As globalisation opens up the medical devices industry, products can be manufactured almost anywhere in the world. Mark Bonifacio, owner of medical devices consultancy Bonifacio Consulting Services, speaks to Nic Paton about new powers being introduced in the US to allow closer inspection of foreign drug and medical device manufacturing facilities.
The globalisation of medical device manufacturing is a well-known and long-term trend. Bringing medical devices to market is a lengthy, cost-intensive process, and it’s hardly surprising in a tough economic and highly competitive environment that manufacturers are looking to drive down costs by outsourcing some of their processes.
In this context, the use of offshore suppliers and contract manufacturing organisations (CMOs) has been growing in popularity. The fact that many emerging and developing economies – in Asia and Central and Latin America in particular – have access to increasingly sophisticated, advanced and cheaper facilities, means that devices can now be manufactured almost anywhere in the world.
The other side of this coin, however, is the challenge this trend poses to maintaining, controlling and regulating the quality of the manufacturing process and working practices.
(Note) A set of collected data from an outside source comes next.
(* Let $\theta\geq 0$ be real. If $p$ is a projector over $A(\mathbb{R}^2_\theta)$, i.e. $p\in M_n(A(\mathbb{R}^2_\theta))$ for some $n$ with $p^2=p=p^*$, then every entry of $p$ is a scalar multiple of the identity, i.e. $p$ is a projector in $M_n(\mathbb{C})$.
   Context: $A(\mathbb{R}^2_\theta)$ is the unital $*$-algebra generated by two self-adjoint elements $x,y$ with $[x,y]=xy-yx=-i\theta$; every element can be written uniquely as a finite sum $\sum a_{p,q}x^py^q$ with $a_{p,q}\in\mathbb{C}$ (ordered monomials linearly independent), and $\mathbb{C}$ is identified with the scalar multiples of $1$. *)

From HB Require Import structures.
From mathcomp Require Import all_boot all_order all_algebra.
From mathcomp Require Import reals.
From mathcomp Require Import complex.
Set Implicit Arguments. Unset Strict Implicit. Unset Printing Implicit Defensive.
Import Order.TTheory GRing.Theory Num.Theory.
Local Open Scope ring_scope.

Definition itheta (R : rcfType) (theta : R) : R[i] := Complex 0 theta.

(* [Atheta star x y theta] : the C-algebra A (unital, with involution [star])
   is A(R^2_theta): a unital *-algebra generated by self-adjoint x, y with
   [x,y] = xy - yx = -i theta, in which the ordered monomials x^p y^q form
   a basis (linearly independent and spanning).  This determines A up to
   *-isomorphism. *)
Record Atheta (R : rcfType) (A : algType R[i]) (star : A -> A) (x y : A)
    (theta : R) : Prop := {
  star_add : forall a b : A, star (a + b) = star a + star b;
  star_scale : forall (c : R[i]) (a : A), star (c *: a) = c^* *: star a;
  star_mul : forall a b : A, star (a * b) = star b * star a;
  star_invol : forall a : A, star (star a) = a;
  star_x : star x = x;
  star_y : star y = y;
  commutator_xy : x * y - y * x = (- itheta theta)%:A;
  monomials_free : forall (N : nat) (a : 'I_N -> 'I_N -> R[i]),
    \sum_(p < N) \sum_(q < N) a p q *: (x ^+ p * y ^+ q) = 0 ->
    forall p q, a p q = 0;
  monomials_span : forall z : A, exists (N : nat) (a : 'I_N -> 'I_N -> R[i]),
    z = \sum_(p < N) \sum_(q < N) a p q *: (x ^+ p * y ^+ q)
}.

Definition mx_star (T : Type) (star : T -> T) (n : nat) (M : 'M[T]_n) : 'M[T]_n :=
  \matrix_(i < n, j < n) star (M j i).

(* Order the monomials x^i y^j by total degree, then by the power of x.  Since
   [x, y] is a scalar, x^i y^j * x^k y^l is x^(i+k) y^(j+l) up to monomials of
   smaller x- and y-degree, and (x^i y^j)^* = y^j x^i differs from x^i y^j in
   the same way; so leading terms multiply, and conjugation conjugates leading
   coefficients.  For a projector, p_ii = sum_k p_ik p_ik^*.  If (P, Q) <> (0, 0)
   bounds the supports of the row (p_ik)_k, the coefficient of x^2P y^2Q on the
   right is sum_k |c_k|^2, with c_k the coefficient of x^P y^Q in p_ik, while
   p_ii is supported below (P, Q).  Hence all c_k vanish, the bound descends,
   and eventually every entry is a scalar. *)

From HB Require Import structures.
From mathcomp Require Import all_boot all_order all_algebra.
From mathcomp Require Import reals complex.
From mathcomp Require Import zify.
Import Order.TTheory GRing.Theory Num.Theory.
Set Implicit Arguments.
Unset Strict Implicit.
Unset Printing Implicit Defensive.
Local Open Scope ring_scope.
(* Let $\alpha_1,\dots,\alpha_m,\beta_1,\dots,\beta_n$ be indeterminates, let $a_0=1$, $a_k=\sum_{1\le i_1<\dots<i_k\le m}\alpha_{i_1}\cdots\alpha_{i_k}$ ($1\le k\le m$), $b_0=1$, $b_k=\sum_{1\le j_1<\dots<j_k\le n}\beta_{j_1}\cdots\beta_{j_k}$ ($1\le k\le n$), and let $\mathbf{S}=\operatorname{per}(M)\in\mathbb{Z}[\alpha,\beta]$ where $M$ is the $(m+n)\times(m+n)$ matrix whose row $j$ ($1\le j\le n$) has $a_k$ in column $j+k$ ($0\le k\le m$) and $0$ elsewhere, and whose row $n+i$ ($1\le i\le m$) has $b_k$ in column $i+k$ ($0\le k\le n$) and $0$ elsewhere. Then a monomial $\alpha^\mu\beta^\nu$ has nonzero coefficient in $\mathbf{S}$ if and only if it has a syl-representation. (Indeed $\mathbf{S}=\sum_{\mathcal{S}_1,\mathcal{S}_2\in\{0,1\}^{m\times n},\ PC(\mathcal{S}_1,\mathcal{S}_2)}\alpha^{rs(\mathcal{S}_1)}\beta^{cs(\mathcal{S}_2)}$.)
   Context: For $M\in\{0,1\}^{m\times n}$: $rs(M)=(\sum_j M_{ij})_{i=1..m}$, $cs(M)=(\sum_i M_{ij})_{j=1..n}$, adjusted row sum $ars(M)=(i+\sum_j M_{ij})_{i=1..m}$, adjusted column sum $acs(M)=(j+\sum_i M_{ij})_{j=1..n}$. For $\mathcal{S}_1,\mathcal{S}_2\in\{0,1\}^{m\times n}$, they are properly coupled, written $PC(\mathcal{S}_1,\mathcal{S}_2)$, iff $\{c'_1,\dots,c'_n,r'_1,\dots,r'_m\}=\{1,\dots,m+n\}$ where $c'=acs(\mathcal{S}_1)$ and $r'=ars(\mathcal{S}_2)$. A syl-representation of the term $\alpha^\mu\beta^\nu$ is a pair $(\mathcal{S}_1,\mathcal{S}_2)$ of matrices in $\{0,1\}^{m\times n}$ with $rs(\mathcal{S}_1)=\mu$, $cs(\mathcal{S}_2)=\nu$ and $PC(\mathcal{S}_1,\mathcal{S}_2)$. *)

From HB Require Import structures.
From mathcomp Require Import all_boot all_order all_algebra all_fingroup.
Set Implicit Arguments. Unset Strict Implicit. Unset Printing Implicit Defensive.
Import GRing.Theory.
Local Open Scope ring_scope.

(* Z[x_0, ..., x_{k-1}] as iterated univariate polynomials:
   mpoly k.+1 = (mpoly k)[x_k]. *)
Fixpoint mpoly (k : nat) : comNzRingType :=
  match k with
  | 0 => int
  | k'.+1 => {poly mpoly k'}
  end.

Fixpoint mvar (k : nat) : 'I_k -> mpoly k :=
  match k return 'I_k -> mpoly k with
  | 0 => fun _ => 0
  | k'.+1 => fun i =>
      match unlift ord_max i with
      | Some j => (mvar j)%:P
      | None => 'X
      end
  end.

Fixpoint mcoef (k : nat) : mpoly k -> ('I_k -> nat) -> int :=
  match k return mpoly k -> ('I_k -> nat) -> int with
  | 0 => fun p _ => p
  | k'.+1 => fun p e =>
      @mcoef k' (p`_(e ord_max)) (fun i => e (widen_ord (leqnSn k') i))
  end.

Definition per (R : comNzRingType) (N : nat) (A : 'M[R]_N) : R :=
  \sum_(s : 'S_N) \prod_(i < N) A i (s i).

Definition alpha (m n : nat) (i : 'I_m) : mpoly (m + n) := mvar (lshift n i).
Definition beta (m n : nat) (j : 'I_n) : mpoly (m + n) := mvar (rshift m j).

Definition a_el (m n k : nat) : mpoly (m + n) :=
  \sum_(A : {set 'I_m} | #|A| == k) \prod_(i in A) alpha n i.
Definition b_el (m n k : nat) : mpoly (m + n) :=
  \sum_(B : {set 'I_n} | #|B| == k) \prod_(j in B) beta m j.

(* The (m+n)x(m+n) Sylvester-type matrix (0-indexed rows/columns):
   row j < n has a_k in column j+k (0<=k<=m);
   row n+i (i < m) has b_k in column i+k (0<=k<=n). *)
Definition sylM (m n : nat) : 'M[mpoly (m + n)]_(n + m) :=
  \matrix_(r < n + m, c < n + m)
    if (r < n)%N then
      (if (r <= c <= r + m)%N then a_el m n (c - r) else 0)
    else
      (if (r - n <= c <= r - n + n)%N then b_el m n (c - (r - n)) else 0).

Definition sylS (m n : nat) : mpoly (m + n) :=
  per (castmx (addnC n m, addnC n m) (sylM m n)).

Definition expvec (m n : nat) (mu : 'I_m -> nat) (nu : 'I_n -> nat)
  : 'I_(m + n) -> nat :=
  fun k => match split k with inl i => mu i | inr j => nu j end.

(* Row/column sums and adjusted sums (1-based indices) of 0/1 matrices. *)
Definition rs (m n : nat) (M : 'M[bool]_(m, n)) (i : 'I_m) : nat :=
  (\sum_(j < n) M i j)%N.
Definition cs (m n : nat) (M : 'M[bool]_(m, n)) (j : 'I_n) : nat :=
  (\sum_(i < m) M i j)%N.
Definition ars (m n : nat) (M : 'M[bool]_(m, n)) (i : 'I_m) : nat :=
  (i.+1 + rs M i)%N.
Definition acs (m n : nat) (M : 'M[bool]_(m, n)) (j : 'I_n) : nat :=
  (j.+1 + cs M j)%N.

Definition PC (m n : nat) (S1 S2 : 'M[bool]_(m, n)) : Prop :=
  [seq acs S1 j | j : 'I_n] ++ [seq ars S2 i | i : 'I_m] =i iota 1 (m + n).

Definition syl_rep (m n : nat) (mu : 'I_m -> nat) (nu : 'I_n -> nat)
  (S1 S2 : 'M[bool]_(m, n)) : Prop :=
  (forall i, rs S1 i = mu i) /\ (forall j, cs S2 j = nu j) /\ PC S1 S2.

(* Expanding the permanent, the a-row j contributes a subset X_j of the alphas with
   |X_j| = s(j) - j, which we record as column j of a 0/1 matrix S1; dually the b-row i
   contributes row i of S2.  Thus S is a sum, with coefficients 1, of the monomials
   alpha^(rs S1) beta^(cs S2) over the triples (s, S1, S2) in which the permutation s
   sends column j to j + cs_j(S1) and row i to i + rs_i(S2).  Such an s exists exactly
   when the adjusted sums of S1 and S2 enumerate {1, ..., m + n}, i.e. when
   PC(S1, S2); as no coefficient is negative, nothing cancels. *)

From mathcomp Require Import all_boot all_order all_algebra all_fingroup.
From mathcomp Require Import zify.
Set Implicit Arguments. Unset Strict Implicit. Unset Printing Implicit Defensive.
Import GRing.Theory Num.Theory.
Local Open Scope ring_scope.

Lemma mcoef0 k e : @mcoef k 0 e = 0.
Proof. by elim: k e => [|k IH] e //=; rewrite coef0 IH. Qed.

Lemma mcoefD k (p q : mpoly k) e : mcoef (p + q) e = mcoef p e + mcoef q e.
Proof. by elim: k p q e => [|k IH] p q e //=; rewrite coefD IH. Qed.

Lemma mcoef_sum k (I : finType) (P : pred I) (F : I -> mpoly k) e :
  mcoef (\sum_(i | P i) F i) e = \sum_(i | P i) mcoef (F i) e.
Proof. by apply: (big_morph (fun p : mpoly k => mcoef p e)) => [p q|]; rewrite ?mcoefD ?mcoef0. Qed.

Definition mmon k (f : 'I_k -> nat) : mpoly k := \prod_(i < k) mvar i ^+ f i.

Lemma mvar_widen k (i : 'I_k) : mvar (widen_ord (leqnSn k) i) = (mvar i)%:P.
Proof.
rewrite /=; case: unliftP => [j /(congr1 val) /= | /(congr1 val) /= ik].
  by rewrite /bump leqNgt ltn_ord => ij; congr (mvar _)%:P; apply: val_inj.
by have := ltn_ord i; rewrite ik ltnn.
Qed.

Lemma mmon_recr k (f : 'I_k.+1 -> nat) :
  mmon f = (mmon (fun i => f (widen_ord (leqnSn k) i)))%:P * 'X^(f ord_max).
Proof.
rewrite /mmon big_ord_recr rmorph_prod; congr (_ * _); last by rewrite /= unlift_none.
by apply: eq_bigr => i _; rewrite mvar_widen rmorphXn.
Qed.

Lemma forall_ord_recr n (P : pred 'I_n.+1) :
  [forall i, P i] = [forall i : 'I_n, P (widen_ord (leqnSn n) i)] && P ord_max.
Proof.
have andE m (Q : pred 'I_m) : [forall i, Q i] = \big[andb/true]_i Q i.
  by rewrite big_andE; apply: eq_forallb.
by rewrite !andE big_ord_recr.
Qed.

Lemma mcoef_mmon k (f e : 'I_k -> nat) : mcoef (mmon f) e = [forall i, f i == e i]%:R.
Proof.
elim: k f e => [|k IH] f e.
  by rewrite /mmon big_ord0 (_ : [forall i, _] = true) //; apply/forallP => -[].
rewrite mmon_recr forall_ord_recr /= coefMXn coefC.
case: ltnP => [lt_e_f | le_f_e]; first by rewrite mcoef0 gtn_eqF ?andbF.
rewrite subn_eq0; case: leqP => [le_e_f | lt_f_e]; last by rewrite mcoef0 ltn_eqF ?andbF.
by rewrite IH (_ : f _ == _) ?andbT //; apply/eqP; lia.
Qed.

Lemma mcoef_sum_mmon k (I : finType) (P : pred I) (F : I -> 'I_k -> nat) e :
  mcoef (\sum_(t | P t) mmon (F t)) e = #|[set t | P t & [forall i, F t i == e i]]|%:R.
Proof.
rewrite mcoef_sum (eq_bigr _ (fun t _ => mcoef_mmon (F t) e)) -natr_sum -sum1dep_card.
by rewrite big_mkcondr; congr _%:R; apply: eq_bigr => t _; case: [forall i, _].
Qed.

Lemma mcoef_sum_mmon_neq0 k (I : finType) (P : pred I) (F : I -> 'I_k -> nat) e :
  mcoef (\sum_(t | P t) mmon (F t)) e != 0 <-> exists t, P t /\ F t =1 e.
Proof.
rewrite mcoef_sum_mmon pnatr_eq0 cards_eq0; split.
  by case/set0Pn => t; rewrite inE => /andP [Pt /forallP /(_ _) /eqP]; exists t.
by case=> t [Pt Ft]; apply/set0Pn; exists t; rewrite inE Pt; apply/forallP => i; rewrite Ft.
Qed.

Lemma prodr_if0 (R : comNzRingType) (I : finType) (c : pred I) (F : I -> R) :
  \prod_i (if c i then F i else 0) = if [forall i, c i] then \prod_i F i else 0.
Proof.
case: forallP => [c_all | /forallP]; first by apply: eq_bigr => i _; rewrite c_all.
by rewrite negb_forall => /existsP [i /negbTE ci]; rewrite (bigD1 i) //= ci mul0r.
Qed.

Lemma rs_card m n (M : 'M[bool]_(m, n)) i : rs M i = #|[set j | M i j]|.
Proof. by rewrite -sum1dep_card [RHS]big_mkcond; apply: eq_bigr => j _; case: (M i j). Qed.

Lemma cs_card m n (M : 'M[bool]_(m, n)) j : cs M j = #|[set i | M i j]|.
Proof. by rewrite -sum1dep_card [RHS]big_mkcond; apply: eq_bigr => i _; case: (M i j). Qed.

Lemma prod_sum_subsets (R : comNzRingType) m n (x : 'I_m -> R) (P : 'I_n -> pred nat) :
  \prod_(j < n) \sum_(X : {set 'I_m} | P j #|X|) \prod_(i in X) x i =
  \sum_(M : 'M[bool]_(m, n) | [forall j, P j (cs M j)]) \prod_(i < m) x i ^+ rs M i.
Proof.
under eq_bigr do rewrite big_mkcond.
rewrite bigA_distr_bigA /= [RHS]big_mkcond.
rewrite (reindex (fun M : 'M[bool]_(m, n) => [ffun j => [set i | M i j]])) /=; last first.
  exists (fun f : {ffun 'I_n -> {set 'I_m}} => \matrix_(i, j) (i \in f j)) => [M _ | f _].
    by apply/matrixP => i j; rewrite !mxE ffunE inE.
  by apply/ffunP => j; apply/setP => i; rewrite !ffunE inE mxE.
apply: eq_bigr => M _; under eq_bigr do rewrite ffunE.
rewrite prodr_if0; under eq_forallb do rewrite -cs_card.
case: [forall j, _] => //.
under eq_bigr do rewrite big_mkcond.
rewrite exchange_big; apply: eq_bigr => i _.
under eq_bigr do rewrite inE.
by rewrite -big_mkcond prodr_const rs_card cardsE.
Qed.

Lemma rs_tr m n (M : 'M[bool]_(m, n)) j : rs M^T j = cs M j.
Proof. by apply: eq_bigr => i _; rewrite mxE. Qed.

Lemma cs_tr m n (M : 'M[bool]_(m, n)) i : cs M^T i = rs M i.
Proof. by apply: eq_bigr => j _; rewrite mxE. Qed.

Lemma per_castmx (R : comNzRingType) N N' (eqN : N = N') (A : 'M[R]_N) :
  per (castmx (eqN, eqN) A) = per A.
Proof. by case: N' / eqN; rewrite castmx_id. Qed.

Lemma codom_iota_perm N (G : 'I_N -> nat) :
  codom G =i iota 1 N <-> exists s : 'S_N, forall k, G k = (s k).+1.
Proof.
split=> [codomG | [s Gs] x].
  have G_bound k : (0 < G k <= N)%N.
    by have := codomG (G k); rewrite codom_f mem_iota add1n ltnS => /esym.
  have G_inj : injective G.
    apply/injectiveP; rewrite /injectiveb /dinjectiveb.
    rewrite (uniq_size_uniq (iota_uniq 1 N) (fun x => esym (codomG x))).
    by rewrite size_map -cardE card_ord size_iota.
  have G_pred_lt k : ((G k).-1 < N)%N by have := G_bound k; lia.
  have h_inj : injective (fun k => Ordinal (G_pred_lt k)).
    move=> k1 k2 /(congr1 val) /= eq_pred; apply: G_inj.
    by have := G_bound k1; have := G_bound k2; lia.
  by exists (perm h_inj) => k; rewrite permE /= prednK //; case/andP: (G_bound k).
rewrite mem_iota add1n ltnS; apply/codomP/andP => [[k ->] | [x_gt0 x_le]].
  by rewrite Gs ltn_ord.
have x_lt : (x.-1 < N)%N by lia.
by exists ((s^-1)%g (Ordinal x_lt)); rewrite Gs permKV /= prednK.
Qed.

Section Coupling.
Variables m n : nat.

Definition coupled (s : 'S_(n + m)) (S1 S2 : 'M[bool]_(m, n)) : bool :=
  [forall j, acs S1 j == (s (lshift m j)).+1] &&
  [forall i, ars S2 i == (s (rshift n i)).+1].

Definition adjusted_sums (S1 S2 : 'M[bool]_(m, n)) (k : 'I_(n + m)) : nat :=
  match split k with inl j => acs S1 j | inr i => ars S2 i end.

Lemma codom_adjusted_sums (S1 S2 : 'M[bool]_(m, n)) :
  codom (adjusted_sums S1 S2) =i [seq acs S1 j | j : 'I_n] ++ [seq ars S2 i | i : 'I_m].
Proof.
move=> x; rewrite mem_cat; apply/codomP/orP => [[k ->] | [/imageP [j _ ->] | /imageP [i _ ->]]].
- by rewrite /adjusted_sums; case: split => [j|i]; [left|right]; apply: image_f.
- by exists (lshift m j); rewrite /adjusted_sums (unsplitK (inl j)).
- by exists (rshift n i); rewrite /adjusted_sums (unsplitK (inr i)).
Qed.

Lemma PC_coupled (S1 S2 : 'M[bool]_(m, n)) : PC S1 S2 <-> exists s, coupled s S1 S2.
Proof.
have -> : PC S1 S2 <-> codom (adjusted_sums S1 S2) =i iota 1 (n + m).
  rewrite /PC addnC; split=> eq_iota x; first by rewrite codom_adjusted_sums.
  by rewrite -codom_adjusted_sums.
rewrite codom_iota_perm; split=> [[s Gs] | [s /andP [/forallP acs_s /forallP ars_s]]]; exists s.
  apply/andP; split; apply/forallP.
    by move=> j; have := Gs (lshift m j); rewrite /adjusted_sums (unsplitK (inl j)) => ->.
  by move=> i; have := Gs (rshift n i); rewrite /adjusted_sums (unsplitK (inr i)) => ->.
by move=> k; rewrite -(splitK k) /adjusted_sums unsplitK; case: split => [j|i]; apply/eqP.
Qed.

End Coupling.

Section SylvesterPermanent.
Variables m n : nat.

Lemma sylM_lshift (j : 'I_n) (c : 'I_(n + m)) :
  sylM m n (lshift m j) c = \sum_(X : {set 'I_m} | (j + #|X|)%N == c) \prod_(i in X) alpha n i.
Proof.
rewrite mxE /= ltn_ord; case: ifP => [/andP [le_j_c le_c_jm] | out_of_band].
  by rewrite /a_el; apply: eq_bigl => X; apply/eqP/eqP => [->|<-]; rewrite ?subnKC ?addKn.
rewrite big_pred0 // => X; apply/negbTE/eqP => eq_c; move: out_of_band.
by rewrite -eq_c leq_addr leq_add2l (leq_trans (max_card X)) ?card_ord.
Qed.

Lemma sylM_rshift (i : 'I_m) (c : 'I_(n + m)) :
  sylM m n (rshift n i) c = \sum_(Y : {set 'I_n} | (i + #|Y|)%N == c) \prod_(j in Y) beta m j.
Proof.
rewrite mxE /= ltnNge leq_addr /= addKn; case: ifP => [/andP [le_i_c le_c_in] | out_of_band].
  by rewrite /b_el; apply: eq_bigl => Y; apply/eqP/eqP => [->|<-]; rewrite ?subnKC ?addKn.
rewrite big_pred0 // => Y; apply/negbTE/eqP => eq_c; move: out_of_band.
by rewrite -eq_c leq_addr leq_add2l (leq_trans (max_card Y)) ?card_ord.
Qed.

Lemma mmon_expvec (mu : 'I_m -> nat) (nu : 'I_n -> nat) :
  mmon (expvec mu nu) = \prod_i alpha n i ^+ mu i * \prod_j beta m j ^+ nu j.
Proof.
rewrite /mmon big_split_ord /expvec.
by congr (_ * _); apply: eq_bigr => k _; rewrite ?(unsplitK (inl k)) ?(unsplitK (inr k)).
Qed.

Lemma expvec_eq (mu mu' : 'I_m -> nat) (nu nu' : 'I_n -> nat) :
  expvec mu nu =1 expvec mu' nu' <-> mu =1 mu' /\ nu =1 nu'.
Proof.
split=> [eq_exp | [eq_mu eq_nu] k]; last by rewrite /expvec; case: split.
split=> [i | j]; [have := eq_exp (lshift n i) | have := eq_exp (rshift m j)].
  by rewrite /expvec (unsplitK (inl i)).
by rewrite /expvec (unsplitK (inr j)).
Qed.

Lemma coupledE (s : 'S_(n + m)) (S1 S2 : 'M[bool]_(m, n)) :
  coupled s S1 S2 =
  [forall j : 'I_n, (j + cs S1 j)%N == s (lshift m j)] &&
  [forall i : 'I_m, (i + rs S2 i)%N == s (rshift n i)].
Proof. by congr (_ && _); apply: eq_forallb => k; rewrite /acs /ars addSn eqSS. Qed.

Lemma sylS_expand :
  sylS m n = \sum_(t : 'S_(n + m) * 'M[bool]_(m, n) * 'M[bool]_(m, n)
                   | coupled t.1.1 t.1.2 t.2) mmon (expvec (rs t.1.2) (cs t.2)).
Proof.
rewrite /sylS per_castmx.
transitivity (\sum_(s : 'S_(n + m)) \sum_(S1 : 'M[bool]_(m, n))
                \sum_(S2 | coupled s S1 S2) mmon (expvec (rs S1) (cs S2))).
  apply: eq_bigr => s _; rewrite big_split_ord /=.
  under eq_bigr do rewrite sylM_lshift.
  under [X in _ * X]eq_bigr do rewrite sylM_rshift.
  rewrite (prod_sum_subsets _ (fun j k => (j + k)%N == s (lshift m j))).
  rewrite (prod_sum_subsets _ (fun i k => (i + k)%N == s (rshift n i))).
  rewrite (reindex (@trmx bool m n)) /=; last by exists (@trmx bool n m) => M _; rewrite trmxK.
  rewrite big_distrlr /= big_mkcond.
  apply: eq_bigr => S1 _; rewrite (eq_bigl _ _ (coupledE s S1)).
  case: [forall j, _]; last by rewrite big_pred0.
  apply: eq_big => [S2 | S2 _]; first by apply: eq_forallb => i; rewrite cs_tr.
  by rewrite mmon_expvec; under [X in _ * X]eq_bigr do rewrite rs_tr.
by rewrite pair_bigA pair_big_dep.
Qed.

End SylvesterPermanent.

Theorem mainTheorem3 (m n : nat) (mu : 'I_m -> nat) (nu : 'I_n -> nat) :
  mcoef (sylS m n) (expvec mu nu) != 0%R <->
  exists S1 S2 : 'M[bool]_(m, n), syl_rep mu nu S1 S2.
Proof.
rewrite sylS_expand mcoef_sum_mmon_neq0; split.
  move=> [[[s S1] S2] /= [coupled_s /expvec_eq [rs_S1 cs_S2]]].
  by exists S1, S2; split=> //; split=> //; apply/PC_coupled; exists s.
move=> [S1 [S2 [rs_S1 [cs_S2 /PC_coupled [s coupled_s]]]]].
by exists (s, S1, S2); split=> //; apply/expvec_eq.
Qed.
There has been a growing appreciation in the US and other key centres of device manufacture that the industry’s oversight and regulatory infrastructure has to have a global reach.
This is why new inspection powers being granted to the US Food and Drug Administration (FDA) under the latest version of the Prescription Drug User Fee Act are potentially significant. They will give the FDA tougher powers to inspect foreign drug and medical device manufacturing facilities as well as the power to block the entry of products into the US.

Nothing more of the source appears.